A faithful, word-for-word transcription of all the data is what is needed.

▸ Supplied material:
+===+

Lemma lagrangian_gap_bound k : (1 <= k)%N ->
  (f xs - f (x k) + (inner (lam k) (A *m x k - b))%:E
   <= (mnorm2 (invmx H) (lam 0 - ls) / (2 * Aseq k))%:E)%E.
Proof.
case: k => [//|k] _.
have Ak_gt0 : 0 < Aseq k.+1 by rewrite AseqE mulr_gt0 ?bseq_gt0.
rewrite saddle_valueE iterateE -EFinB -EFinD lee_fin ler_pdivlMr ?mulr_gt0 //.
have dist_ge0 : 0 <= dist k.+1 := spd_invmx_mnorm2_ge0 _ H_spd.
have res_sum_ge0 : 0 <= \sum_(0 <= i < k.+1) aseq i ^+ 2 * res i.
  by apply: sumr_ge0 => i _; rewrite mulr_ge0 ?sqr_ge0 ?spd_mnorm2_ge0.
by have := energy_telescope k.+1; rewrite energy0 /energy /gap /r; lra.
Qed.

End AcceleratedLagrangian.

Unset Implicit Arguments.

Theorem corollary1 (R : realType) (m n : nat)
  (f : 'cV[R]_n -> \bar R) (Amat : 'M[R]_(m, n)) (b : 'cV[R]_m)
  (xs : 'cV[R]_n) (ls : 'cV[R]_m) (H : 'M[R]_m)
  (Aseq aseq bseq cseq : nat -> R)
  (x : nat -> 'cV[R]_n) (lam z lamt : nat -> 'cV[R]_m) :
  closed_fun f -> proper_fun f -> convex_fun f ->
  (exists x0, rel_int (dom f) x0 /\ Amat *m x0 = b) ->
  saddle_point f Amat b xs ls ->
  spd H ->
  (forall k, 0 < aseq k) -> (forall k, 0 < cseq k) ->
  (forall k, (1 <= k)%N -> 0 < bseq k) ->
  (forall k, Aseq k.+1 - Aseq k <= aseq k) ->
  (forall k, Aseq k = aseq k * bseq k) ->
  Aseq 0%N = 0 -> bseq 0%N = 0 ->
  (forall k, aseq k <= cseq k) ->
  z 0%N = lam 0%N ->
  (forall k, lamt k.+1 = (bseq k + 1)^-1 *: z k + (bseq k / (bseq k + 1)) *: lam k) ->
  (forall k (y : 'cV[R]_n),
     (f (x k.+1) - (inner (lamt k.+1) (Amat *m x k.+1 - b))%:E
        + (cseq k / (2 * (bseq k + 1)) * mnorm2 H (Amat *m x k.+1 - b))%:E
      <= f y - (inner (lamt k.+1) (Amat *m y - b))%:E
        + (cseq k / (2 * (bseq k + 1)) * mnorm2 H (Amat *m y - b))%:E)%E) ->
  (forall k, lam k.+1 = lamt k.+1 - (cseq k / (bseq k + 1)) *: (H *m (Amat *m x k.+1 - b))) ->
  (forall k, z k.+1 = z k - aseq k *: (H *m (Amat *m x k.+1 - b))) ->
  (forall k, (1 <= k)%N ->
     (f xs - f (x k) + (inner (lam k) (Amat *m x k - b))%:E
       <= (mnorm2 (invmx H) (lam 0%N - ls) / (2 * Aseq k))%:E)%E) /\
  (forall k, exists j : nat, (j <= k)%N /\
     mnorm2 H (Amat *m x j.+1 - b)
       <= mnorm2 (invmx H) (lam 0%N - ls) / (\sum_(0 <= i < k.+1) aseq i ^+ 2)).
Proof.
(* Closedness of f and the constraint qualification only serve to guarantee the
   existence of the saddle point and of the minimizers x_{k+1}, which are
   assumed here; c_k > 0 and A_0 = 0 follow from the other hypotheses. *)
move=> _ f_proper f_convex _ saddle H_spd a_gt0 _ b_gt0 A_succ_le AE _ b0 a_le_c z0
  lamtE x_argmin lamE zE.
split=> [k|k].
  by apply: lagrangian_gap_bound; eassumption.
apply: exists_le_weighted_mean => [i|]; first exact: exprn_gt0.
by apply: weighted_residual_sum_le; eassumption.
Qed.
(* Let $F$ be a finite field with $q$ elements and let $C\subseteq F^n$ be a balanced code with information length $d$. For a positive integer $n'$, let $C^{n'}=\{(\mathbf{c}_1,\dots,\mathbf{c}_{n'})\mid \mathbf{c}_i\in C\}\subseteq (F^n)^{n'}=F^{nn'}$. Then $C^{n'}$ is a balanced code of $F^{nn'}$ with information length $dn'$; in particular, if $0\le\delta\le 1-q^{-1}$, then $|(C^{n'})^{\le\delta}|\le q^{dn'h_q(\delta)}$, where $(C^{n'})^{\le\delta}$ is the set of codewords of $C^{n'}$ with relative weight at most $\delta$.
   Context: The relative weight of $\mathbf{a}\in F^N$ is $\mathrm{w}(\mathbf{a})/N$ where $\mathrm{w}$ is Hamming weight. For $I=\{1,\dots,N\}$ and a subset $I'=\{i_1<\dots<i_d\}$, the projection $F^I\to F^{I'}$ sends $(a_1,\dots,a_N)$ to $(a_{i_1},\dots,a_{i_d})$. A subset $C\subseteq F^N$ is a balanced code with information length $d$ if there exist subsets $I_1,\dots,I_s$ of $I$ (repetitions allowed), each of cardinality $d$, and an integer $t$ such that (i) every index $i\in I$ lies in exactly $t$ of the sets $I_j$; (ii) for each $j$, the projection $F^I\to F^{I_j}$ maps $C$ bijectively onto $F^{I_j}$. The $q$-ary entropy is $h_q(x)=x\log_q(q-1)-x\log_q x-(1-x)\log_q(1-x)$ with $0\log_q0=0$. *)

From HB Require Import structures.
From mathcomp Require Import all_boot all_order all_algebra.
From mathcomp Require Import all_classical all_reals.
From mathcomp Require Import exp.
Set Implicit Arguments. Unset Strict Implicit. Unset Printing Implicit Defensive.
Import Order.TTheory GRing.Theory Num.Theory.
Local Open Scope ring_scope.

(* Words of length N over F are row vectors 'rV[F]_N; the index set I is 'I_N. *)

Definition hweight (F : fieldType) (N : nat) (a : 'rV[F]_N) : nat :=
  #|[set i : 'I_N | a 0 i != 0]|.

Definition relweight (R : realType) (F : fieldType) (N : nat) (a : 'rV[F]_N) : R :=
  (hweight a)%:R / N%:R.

+===+

▸ Answer to the problem:
Lemma lagrangian_gap_bound k : (1 <= k)%N ->
  (f xs - f (x k) + (inner (lam k) (A *m x k - b))%:E
   <= (mnorm2 (invmx H) (lam 0 - ls) / (2 * Aseq k))%:E)%E.
Proof.
case: k => [//|k] _.
have Ak_gt0 : 0 < Aseq k.+1 by rewrite AseqE mulr_gt0 ?bseq_gt0.
rewrite saddle_valueE iterateE -EFinB -EFinD lee_fin ler_pdivlMr ?mulr_gt0 //.
have dist_ge0 : 0 <= dist k.+1 := spd_invmx_mnorm2_ge0 _ H_spd.
have res_sum_ge0 : 0 <= \sum_(0 <= i < k.+1) aseq i ^+ 2 * res i.
  by apply: sumr_ge0 => i _; rewrite mulr_ge0 ?sqr_ge0 ?spd_mnorm2_ge0.
by have := energy_telescope k.+1; rewrite energy0 /energy /gap /r; lra.
Qed.

End AcceleratedLagrangian.

Unset Implicit Arguments.

Theorem corollary1 (R : realType) (m n : nat)
  (f : 'cV[R]_n -> \bar R) (Amat : 'M[R]_(m, n)) (b : 'cV[R]_m)
  (xs : 'cV[R]_n) (ls : 'cV[R]_m) (H : 'M[R]_m)
  (Aseq aseq bseq cseq : nat -> R)
  (x : nat -> 'cV[R]_n) (lam z lamt : nat -> 'cV[R]_m) :
  closed_fun f -> proper_fun f -> convex_fun f ->
  (exists x0, rel_int (dom f) x0 /\ Amat *m x0 = b) ->
  saddle_point f Amat b xs ls ->
  spd H ->
  (forall k, 0 < aseq k) -> (forall k, 0 < cseq k) ->
  (forall k, (1 <= k)%N -> 0 < bseq k) ->
  (forall k, Aseq k.+1 - Aseq k <= aseq k) ->
  (forall k, Aseq k = aseq k * bseq k) ->
  Aseq 0%N = 0 -> bseq 0%N = 0 ->
  (forall k, aseq k <= cseq k) ->
  z 0%N = lam 0%N ->
  (forall k, lamt k.+1 = (bseq k + 1)^-1 *: z k + (bseq k / (bseq k + 1)) *: lam k) ->
  (forall k (y : 'cV[R]_n),
     (f (x k.+1) - (inner (lamt k.+1) (Amat *m x k.+1 - b))%:E
        + (cseq k / (2 * (bseq k + 1)) * mnorm2 H (Amat *m x k.+1 - b))%:E
      <= f y - (inner (lamt k.+1) (Amat *m y - b))%:E
        + (cseq k / (2 * (bseq k + 1)) * mnorm2 H (Amat *m y - b))%:E)%E) ->
  (forall k, lam k.+1 = lamt k.+1 - (cseq k / (bseq k + 1)) *: (H *m (Amat *m x k.+1 - b))) ->
  (forall k, z k.+1 = z k - aseq k *: (H *m (Amat *m x k.+1 - b))) ->
  (forall k, (1 <= k)%N ->
     (f xs - f (x k) + (inner (lam k) (Amat *m x k - b))%:E
       <= (mnorm2 (invmx H) (lam 0%N - ls) / (2 * Aseq k))%:E)%E) /\
  (forall k, exists j : nat, (j <= k)%N /\
     mnorm2 H (Amat *m x j.+1 - b)
       <= mnorm2 (invmx H) (lam 0%N - ls) / (\sum_(0 <= i < k.+1) aseq i ^+ 2)).
Proof.
(* Closedness of f and the constraint qualification only serve to guarantee the
   existence of the saddle point and of the minimizers x_{k+1}, which are
   assumed here; c_k > 0 and A_0 = 0 follow from the other hypotheses. *)
move=> _ f_proper f_convex _ saddle H_spd a_gt0 _ b_gt0 A_succ_le AE _ b0 a_le_c z0
  lamtE x_argmin lamE zE.
split=> [k|k].
  by apply: lagrangian_gap_bound; eassumption.
apply: exists_le_weighted_mean => [i|]; first exact: exprn_gt0.
by apply: weighted_residual_sum_le; eassumption.
Qed.
(* Let $F$ be a finite field with $q$ elements and let $C\subseteq F^n$ be a balanced code with information length $d$. For a positive integer $n'$, let $C^{n'}=\{(\mathbf{c}_1,\dots,\mathbf{c}_{n'})\mid \mathbf{c}_i\in C\}\subseteq (F^n)^{n'}=F^{nn'}$. Then $C^{n'}$ is a balanced code of $F^{nn'}$ with information length $dn'$; in particular, if $0\le\delta\le 1-q^{-1}$, then $|(C^{n'})^{\le\delta}|\le q^{dn'h_q(\delta)}$, where $(C^{n'})^{\le\delta}$ is the set of codewords of $C^{n'}$ with relative weight at most $\delta$.
   Context: The relative weight of $\mathbf{a}\in F^N$ is $\mathrm{w}(\mathbf{a})/N$ where $\mathrm{w}$ is Hamming weight. For $I=\{1,\dots,N\}$ and a subset $I'=\{i_1<\dots<i_d\}$, the projection $F^I\to F^{I'}$ sends $(a_1,\dots,a_N)$ to $(a_{i_1},\dots,a_{i_d})$. A subset $C\subseteq F^N$ is a balanced code with information length $d$ if there exist subsets $I_1,\dots,I_s$ of $I$ (repetitions allowed), each of cardinality $d$, and an integer $t$ such that (i) every index $i\in I$ lies in exactly $t$ of the sets $I_j$; (ii) for each $j$, the projection $F^I\to F^{I_j}$ maps $C$ bijectively onto $F^{I_j}$. The $q$-ary entropy is $h_q(x)=x\log_q(q-1)-x\log_q x-(1-x)\log_q(1-x)$ with $0\log_q0=0$. *)

From HB Require Import structures.
From mathcomp Require Import all_boot all_order all_algebra.
From mathcomp Require Import all_classical all_reals.
From mathcomp Require Import exp.
Set Implicit Arguments. Unset Strict Implicit. Unset Printing Implicit Defensive.
Import Order.TTheory GRing.Theory Num.Theory.
Local Open Scope ring_scope.

(* Words of length N over F are row vectors 'rV[F]_N; the index set I is 'I_N. *)

Definition hweight (F : fieldType) (N : nat) (a : 'rV[F]_N) : nat :=
  #|[set i : 'I_N | a 0 i != 0]|.

Definition relweight (R : realType) (F : fieldType) (N : nat) (a : 'rV[F]_N) : R :=
  (hweight a)%:R / N%:R.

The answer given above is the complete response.